In @fig-first-map, the grey lines denote the
_graticule_, a grid with lines along constant latitude
or longitude. Clearly, these lines are not straight, which
indicates that a _projection_ of the data was used for which the
$x$ and $y$ axes do not align with longitude and latitude. In
@fig-mapviewfigure we see that the north boundary of North
Carolina is plotted as a straight line again, indicating that
another projection was used.

:::

::: {.content-visible when-format="pdf"}

In @fig-first-map, the grey lines denote the
_graticule_, a grid with lines along constant latitude
or longitude. Clearly, these lines are not straight, which
indicates that a _projection_ of the data was used for which the
x and y axis do not align with longitude and latitude.

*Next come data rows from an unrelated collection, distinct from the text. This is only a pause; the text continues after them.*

(* Let $(T,\eta,\mu)$ be a monad on $\mathsf{Set}$ and $F$ a polynomial functor. Let $\zeta\colon TF\Rightarrow FT$ be constructed recursively over the structure of $F$ as follows: for $F=C_B$, the unique component $\zeta\colon TB\to B$ is an (Eilenberg–Moore) $T$-algebra on $B$; for $F=\mathrm{Id}$, $\zeta=\mathrm{id}_T$; for $F=\prod_{i\in I}F_i$, $\zeta=\langle\zeta^i\circ T\pi_i\rangle_{i\in I}$ where $\zeta^i\colon TF_i\Rightarrow F_iT$ are the recursively constructed transformations; for $F=F_1+F_2$, $\zeta=(\zeta^1+\zeta^2)\circ g_{F_1,F_2}$, where $g\colon T((-)+(-))\Rightarrow T(-)+T(-)$ is a natural transformation between bifunctors. If every such $g$ used in the construction is compatible with the unit and with the multiplication of $T$, then $\zeta$ is a distributive law (EM-law) of the monad $T$ over $F$.
   Context: Polynomial functors are generated by $F::=C_B\mid\mathrm{Id}\mid\prod_{i\in I}F_i\mid F_1+F_2$ with $C_B$ the constant functor at a set $B$ and $I$ an arbitrary index set. A distributive law (EM-law) of a monad $(T,\eta,\mu)$ over a functor $F$ is a natural transformation $\zeta\colon TF\Rightarrow FT$ with $\zeta_X\circ\eta_{FX}=F\eta_X$ and $\zeta_X\circ\mu_{FX}=F\mu_X\circ\zeta_{TX}\circ T\zeta_X$ for all $X$. A natural transformation $g\colon T((-)+(-))\Rightarrow T(-)+T(-)$ is compatible with the unit if $g_{Y_1,Y_2}\circ\eta_{Y_1+Y_2}=\eta_{Y_1}+\eta_{Y_2}$ for all sets $Y_1,Y_2$, and compatible with the multiplication if $g_{Y_1,Y_2}\circ\mu_{Y_1+Y_2}=(\mu_{Y_1}+\mu_{Y_2})\circ g_{TY_1,TY_2}\circ Tg_{Y_1,Y_2}$ for all sets $Y_1,Y_2$. *)

(* The category Set is modelled by Rocq's Type with (pointwise)
   function equality. *)

Record monad := Monad {
  T : Type -> Type;
  fmap : forall (A B : Type), (A -> B) -> T A -> T B;
  eta : forall A : Type, A -> T A;
  mu : forall A : Type, T (T A) -> T A;
  fmap_id : forall A (t : T A), fmap A A (fun x => x) t = t;
  fmap_comp : forall A B C (f : A -> B) (g : B -> C) (t : T A),
      fmap A C (fun x => g (f x)) t = fmap B C g (fmap A B f t);
  eta_nat : forall A B (f : A -> B) (x : A),
      fmap A B f (eta A x) = eta B (f x);
  mu_nat : forall A B (f : A -> B) (t : T (T A)),
      fmap A B f (mu A t) = mu B (fmap (T A) (T B) (fmap A B f) t);
  mu_eta_l : forall A (t : T A), mu A (eta (T A) t) = t;
  mu_eta_r : forall A (t : T A), mu A (fmap A (T A) (eta A) t) = t;
  mu_assoc : forall A (t : T (T (T A))),
      mu A (fmap (T (T A)) (T A) (mu A) t) = mu A (mu (T A) t)
}.

Arguments fmap {m A B} _ _.
Arguments eta {m A} _.
Arguments mu {m A} _.

Inductive poly : Type :=
| PConst (B : Type)
| PId
| PProd (Idx : Type) (Fs : Idx -> poly)
| PSum (F1 F2 : poly).

Fixpoint obj (F : poly) (X : Type) : Type :=
  match F with
  | PConst B => B
  | PId => X
  | PProd Idx Fs => forall i : Idx, obj (Fs i) X
  | PSum F1 F2 => (obj F1 X + obj F2 X)%type
  end.

Definition sum_map {A B C D : Type} (f : A -> C) (g : B -> D) (s : A + B) : C + D :=
  match s with inl a => inl (f a) | inr b => inr (g b) end.

Fixpoint pmap (F : poly) {X Y : Type} (f : X -> Y) : obj F X -> obj F Y :=
  match F return obj F X -> obj F Y with
  | PConst B => fun b => b
  | PId => f
  | PProd Idx Fs => fun p i => pmap (Fs i) f (p i)
  | PSum F1 F2 => sum_map (pmap F1 f) (pmap F2 f)
  end.

Definition sum_trans (M : monad) : Type :=
  forall Y1 Y2 : Type, T M (Y1 + Y2) -> (T M Y1 + T M Y2)%type.

(** Data used in the recursive construction of zeta: an algebra structure
    T B -> B at each constant node, and a transformation g at each sum node. *)
Fixpoint annot (M : monad) (F : poly) : Type :=
  match F with
  | PConst B => T M B -> B
  | PId => unit
  | PProd Idx Fs => forall i : Idx, annot M (Fs i)
  | PSum F1 F2 => (annot M F1 * annot M F2 * sum_trans M)%type
  end.

Fixpoint zeta (M : monad) (F : poly) : annot M F -> forall X : Type, T M (obj F X) -> obj F (T M X) :=
  match F return annot M F -> forall X : Type, T M (obj F X) -> obj F (T M X) with
  | PConst B => fun alpha X t => alpha t
  | PId => fun _ X t => t
  | PProd Idx Fs => fun a X t i =>
      zeta M (Fs i) (a i) X (fmap (fun p : obj (PProd Idx Fs) X => p i) t)
  | PSum F1 F2 => fun a X t =>
      let '(a1, a2, g) := a in
      sum_map (zeta M F1 a1 X) (zeta M F2 a2 X) (g (obj F1 X) (obj F2 X) t)
  end.

Definition EM_algebra (M : monad) (B : Type) (alpha : T M B -> B) : Prop :=
  (forall b : B, alpha (eta b) = b) /\
  (forall t : T M (T M B), alpha (mu t) = alpha (fmap alpha t)).

Definition sum_trans_natural (M : monad) (g : sum_trans M) : Prop :=
  forall Y1 Y2 Z1 Z2 (f1 : Y1 -> Z1) (f2 : Y2 -> Z2) (t : T M (Y1 + Y2)),
    g Z1 Z2 (fmap (sum_map f1 f2) t) = sum_map (fmap f1) (fmap f2) (g Y1 Y2 t).

Definition compat_unit (M : monad) (g : sum_trans M) : Prop :=
  forall Y1 Y2 (x : Y1 + Y2),
    g Y1 Y2 (eta x) = sum_map (@eta M Y1) (@eta M Y2) x.

Definition compat_mult (M : monad) (g : sum_trans M) : Prop :=
  forall Y1 Y2 (t : T M (T M (Y1 + Y2))),
    g Y1 Y2 (mu t) =
    sum_map (@mu M Y1) (@mu M Y2) (g (T M Y1) (T M Y2) (fmap (g Y1 Y2) t)).

Fixpoint annot_ok (M : monad) (F : poly) : annot M F -> Prop :=
  match F return annot M F -> Prop with
  | PConst B => fun alpha => EM_algebra M B alpha
  | PId => fun _ => True
  | PProd Idx Fs => fun a => forall i : Idx, annot_ok M (Fs i) (a i)
  | PSum F1 F2 => fun a =>
      let '(a1, a2, g) := a in
      annot_ok M F1 a1 /\ annot_ok M F2 a2 /\
      sum_trans_natural M g /\ compat_unit M g /\ compat_mult M g
  end.

Definition is_EM_law (M : monad) (F : poly)
    (z : forall X : Type, T M (obj F X) -> obj F (T M X)) : Prop :=
  (forall X Y (f : X -> Y) (t : T M (obj F X)),
      pmap F (fmap f) (z X t) = z Y (fmap (pmap F f) t)) /\
  (forall X (x : obj F X), z X (eta x) = pmap F (@eta M X) x) /\
  (forall X (t : T M (T M (obj F X))),
      z X (mu t) = pmap F (@mu M X) (z (T M X) (fmap (z X) t))).

From Stdlib Require Import FunctionalExtensionality.

(* EM-laws are closed under the four formation rules of polynomial functors:
   an EM algebra on B is exactly an EM-law over C_B, the identity is an EM-law
   over Id, tupling preserves each law componentwise, and for a coproduct the
   unit and multiplication laws of g transport those of the summands through
   (zeta^1 + zeta^2). *)

Lemma sum_map_comp {A B C D E G : Type} (f : A -> C) (g : B -> D)
    (h : C -> E) (k : D -> G) (s : A + B) :
  sum_map h k (sum_map f g s) = sum_map (fun a => h (f a)) (fun b => k (g b)) s.
Proof. now destruct s. Qed.

Lemma sum_map_ext {A B C D : Type} (f f' : A -> C) (g g' : B -> D) (s : A + B) :
  (forall a, f a = f' a) -> (forall b, g b = g' b) ->
  sum_map f g s = sum_map f' g' s.
Proof. intros Hf Hg; destruct s; simpl; f_equal; auto. Qed.

Section ClosureProperties.

Variable M : monad.

Definition prod_law (Idx : Type) (Fs : Idx -> poly)
    (zs : forall i X, T M (obj (Fs i) X) -> obj (Fs i) (T M X))
    (X : Type) (t : T M (obj (PProd Idx Fs) X)) : obj (PProd Idx Fs) (T M X) :=
  fun i => zs i X (fmap (fun p : obj (PProd Idx Fs) X => p i) t).

Definition sum_law (F1 F2 : poly)
    (z1 : forall X, T M (obj F1 X) -> obj F1 (T M X))
    (z2 : forall X, T M (obj F2 X) -> obj F2 (T M X))
    (g : sum_trans M) (X : Type) (t : T M (obj (PSum F1 F2) X)) :
    obj (PSum F1 F2) (T M X) :=
  sum_map (z1 X) (z2 X) (g (obj F1 X) (obj F2 X) t).

Lemma is_EM_law_const (B : Type) (alpha : T M B -> B) :
  EM_algebra M B alpha -> is_EM_law M (PConst B) (fun _ t => alpha t).
Proof.
  intros [alpha_eta alpha_mu]; split; [|split]; simpl.
  - intros X Y f t; now rewrite fmap_id.
  - intros X b; apply alpha_eta.
  - intros X t; apply alpha_mu.
Qed.

Lemma is_EM_law_id : is_EM_law M PId (fun _ t => t).
Proof.
  split; [|split]; simpl; try reflexivity.
  intros X t; now rewrite fmap_id.
Qed.

Lemma is_EM_law_prod (Idx : Type) (Fs : Idx -> poly)
    (zs : forall i X, T M (obj (Fs i) X) -> obj (Fs i) (T M X)) :
  (forall i, is_EM_law M (Fs i) (zs i)) ->
  is_EM_law M (PProd Idx Fs) (prod_law Idx Fs zs).
Proof.
  intros Hzs; unfold prod_law; split; [|split]; simpl;
    intros; apply functional_extensionality_dep; intro i;
    destruct (Hzs i) as [z_nat [z_eta z_mu]].
  - rewrite z_nat, <- !fmap_comp; reflexivity.
  - rewrite eta_nat; apply z_eta.
  - rewrite mu_nat, z_mu, <- !fmap_comp; reflexivity.
Qed.

Lemma is_EM_law_sum (F1 F2 : poly)
    (z1 : forall X, T M (obj F1 X) -> obj F1 (T M X))
    (z2 : forall X, T M (obj F2 X) -> obj F2 (T M X)) (g : sum_trans M) :
  is_EM_law M F1 z1 -> is_EM_law M F2 z2 ->
  sum_trans_natural M g -> compat_unit M g -> compat_mult M g ->
  is_EM_law M (PSum F1 F2) (sum_law F1 F2 z1 z2 g).
Proof.
  intros [z1_nat [z1_eta z1_mu]] [z2_nat [z2_eta z2_mu]] g_nat g_eta g_mu.
  unfold sum_law; split; [|split]; simpl.
  - intros X Y f t.
    rewrite g_nat, !sum_map_comp; apply sum_map_ext; auto.
  - intros X x.
    rewrite g_eta, sum_map_comp; apply sum_map_ext; auto.
  - intros X t.
    (* Naturality of g moves (zeta^1 + zeta^2) past g inside fmap. *)
    rewrite g_mu, (fmap_comp M _ _ _ (g _ _) (sum_map (z1 X) (z2 X))), g_nat,
      !sum_map_comp.
    apply sum_map_ext; auto.
Qed.

End ClosureProperties.

Theorem mainTheorem9 (M : monad) (F : poly) (a : annot M F) :
  annot_ok M F a -> is_EM_law M F (zeta M F a).
Proof.
  revert a; induction F as [B | | Idx Fs IH | F1 IH1 F2 IH2]; intros a Ha.
  - exact (is_EM_law_const M B a Ha).
  - exact (is_EM_law_id M).
  - exact (is_EM_law_prod M Idx Fs (fun i => zeta M (Fs i) (a i))
             (fun i => IH i (a i) (Ha i))).
  - destruct a as [[a1 a2] g], Ha as [Ha1 [Ha2 [g_nat [g_eta g_mu]]]].
    exact (is_EM_law_sum M F1 F2 _ _ g (IH1 a1 Ha1) (IH2 a2 Ha2)
             g_nat g_eta g_mu).
Qed.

In
@fig-mapviewfigurepdf we see that the north boundary of North
Carolina is plotted as a straight line again, indicating that
another projection was used.

:::

The ellipsoidal coordinates of the graticule of 
@fig-first-map are associated with a particular _datum_
(here: NAD27), which implicates a set of rules, what the shape of the
Earth is and how it is attached to the Earth (to which point of the
Earth is the origin associated, and how is it directed.) If one
would measure coordinates with a GPS device (such as a mobile phone)
it would typically report coordinates associated with the World Geodetic System 1984 (WGS84)
datum, which can be around 30 m different from the identical
coordinate values when associated with the North American Datum 1927 (NAD27).

\index{datum}

Projections describe how we go back and forth between

* **ellipsoidal coordinates** which are expressed as degrees
latitude and longitude, pointing to locations on a shape
approximating the Earth's shape (ellipsoid or spheroid), and

* **projected coordinates** which are coordinates on a flat,
two-dimensional coordinate system, used when plotting maps.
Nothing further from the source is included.